Restate word for word the line containing "- intros r r' Hrr'; apply Hobs, Hunf, Hrr'." and each line that follows it, through the last line below, and nothing else.
[Opening Data section]
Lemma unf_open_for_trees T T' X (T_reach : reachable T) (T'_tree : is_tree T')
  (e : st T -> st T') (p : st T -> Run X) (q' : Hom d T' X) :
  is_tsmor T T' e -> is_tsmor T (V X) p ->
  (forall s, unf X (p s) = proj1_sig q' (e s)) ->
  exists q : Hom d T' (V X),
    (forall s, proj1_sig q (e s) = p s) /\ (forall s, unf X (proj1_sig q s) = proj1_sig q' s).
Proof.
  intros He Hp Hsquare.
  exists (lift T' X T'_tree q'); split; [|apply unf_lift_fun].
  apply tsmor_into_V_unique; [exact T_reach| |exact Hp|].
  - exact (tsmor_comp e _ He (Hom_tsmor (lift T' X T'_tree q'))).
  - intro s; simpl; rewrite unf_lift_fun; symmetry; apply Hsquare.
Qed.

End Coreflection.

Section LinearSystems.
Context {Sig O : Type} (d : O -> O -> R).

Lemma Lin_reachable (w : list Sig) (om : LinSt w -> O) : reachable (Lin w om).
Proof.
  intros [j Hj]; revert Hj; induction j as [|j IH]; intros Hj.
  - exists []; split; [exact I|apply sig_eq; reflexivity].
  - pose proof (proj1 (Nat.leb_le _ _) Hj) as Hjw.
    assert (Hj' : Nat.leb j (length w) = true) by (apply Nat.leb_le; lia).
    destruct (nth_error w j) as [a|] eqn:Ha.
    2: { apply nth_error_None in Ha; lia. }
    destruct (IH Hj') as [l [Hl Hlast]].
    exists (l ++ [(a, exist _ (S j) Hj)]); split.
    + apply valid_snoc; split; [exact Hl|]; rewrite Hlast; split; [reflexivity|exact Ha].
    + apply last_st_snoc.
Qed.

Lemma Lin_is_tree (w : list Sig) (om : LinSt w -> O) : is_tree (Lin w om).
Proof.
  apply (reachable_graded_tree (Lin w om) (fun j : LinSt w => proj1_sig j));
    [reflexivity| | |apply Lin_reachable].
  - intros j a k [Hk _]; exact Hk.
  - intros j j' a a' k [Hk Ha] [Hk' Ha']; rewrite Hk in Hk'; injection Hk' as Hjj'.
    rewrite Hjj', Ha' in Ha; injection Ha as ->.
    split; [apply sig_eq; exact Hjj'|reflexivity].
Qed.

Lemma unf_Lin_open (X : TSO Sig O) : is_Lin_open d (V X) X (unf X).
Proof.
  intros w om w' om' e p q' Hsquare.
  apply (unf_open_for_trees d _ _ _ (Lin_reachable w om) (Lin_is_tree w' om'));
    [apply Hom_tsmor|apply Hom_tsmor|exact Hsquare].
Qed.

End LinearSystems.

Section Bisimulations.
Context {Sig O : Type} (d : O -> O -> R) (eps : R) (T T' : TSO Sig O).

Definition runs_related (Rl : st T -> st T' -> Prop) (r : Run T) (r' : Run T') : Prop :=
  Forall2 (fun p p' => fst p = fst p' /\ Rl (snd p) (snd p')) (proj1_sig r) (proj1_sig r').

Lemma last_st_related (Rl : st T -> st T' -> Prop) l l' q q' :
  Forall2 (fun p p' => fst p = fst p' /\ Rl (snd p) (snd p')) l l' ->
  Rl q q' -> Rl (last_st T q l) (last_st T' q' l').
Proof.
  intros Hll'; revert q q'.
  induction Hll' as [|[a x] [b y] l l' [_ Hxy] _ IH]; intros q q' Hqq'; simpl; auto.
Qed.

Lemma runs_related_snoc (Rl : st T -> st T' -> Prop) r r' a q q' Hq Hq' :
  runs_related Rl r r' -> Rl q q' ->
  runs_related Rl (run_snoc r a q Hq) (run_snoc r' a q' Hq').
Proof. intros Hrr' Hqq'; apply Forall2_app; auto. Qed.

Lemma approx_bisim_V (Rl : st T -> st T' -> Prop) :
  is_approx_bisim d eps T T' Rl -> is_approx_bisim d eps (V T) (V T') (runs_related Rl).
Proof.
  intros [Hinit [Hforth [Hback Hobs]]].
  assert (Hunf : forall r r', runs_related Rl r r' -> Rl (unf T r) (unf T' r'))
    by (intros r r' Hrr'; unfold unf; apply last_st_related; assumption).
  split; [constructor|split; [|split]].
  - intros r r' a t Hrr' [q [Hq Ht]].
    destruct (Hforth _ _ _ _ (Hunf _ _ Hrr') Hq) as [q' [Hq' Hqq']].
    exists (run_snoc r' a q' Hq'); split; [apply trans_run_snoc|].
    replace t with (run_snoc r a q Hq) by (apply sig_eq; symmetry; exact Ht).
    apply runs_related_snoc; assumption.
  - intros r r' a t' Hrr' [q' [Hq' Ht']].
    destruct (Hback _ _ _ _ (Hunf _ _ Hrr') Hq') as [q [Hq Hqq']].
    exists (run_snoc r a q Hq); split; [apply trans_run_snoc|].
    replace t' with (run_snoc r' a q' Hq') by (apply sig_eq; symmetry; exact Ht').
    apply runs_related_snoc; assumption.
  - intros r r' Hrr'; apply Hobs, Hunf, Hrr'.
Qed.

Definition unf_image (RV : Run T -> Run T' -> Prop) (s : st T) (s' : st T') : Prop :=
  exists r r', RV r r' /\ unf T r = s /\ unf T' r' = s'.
[Closing Data section]
» **Output**
  - intros r r' Hrr'; apply Hobs, Hunf, Hrr'.
Qed.

Definition unf_image (RV : Run T -> Run T' -> Prop) (s : st T) (s' : st T') : Prop :=
  exists r r', RV r r' /\ unf T r = s /\ unf T' r' = s'.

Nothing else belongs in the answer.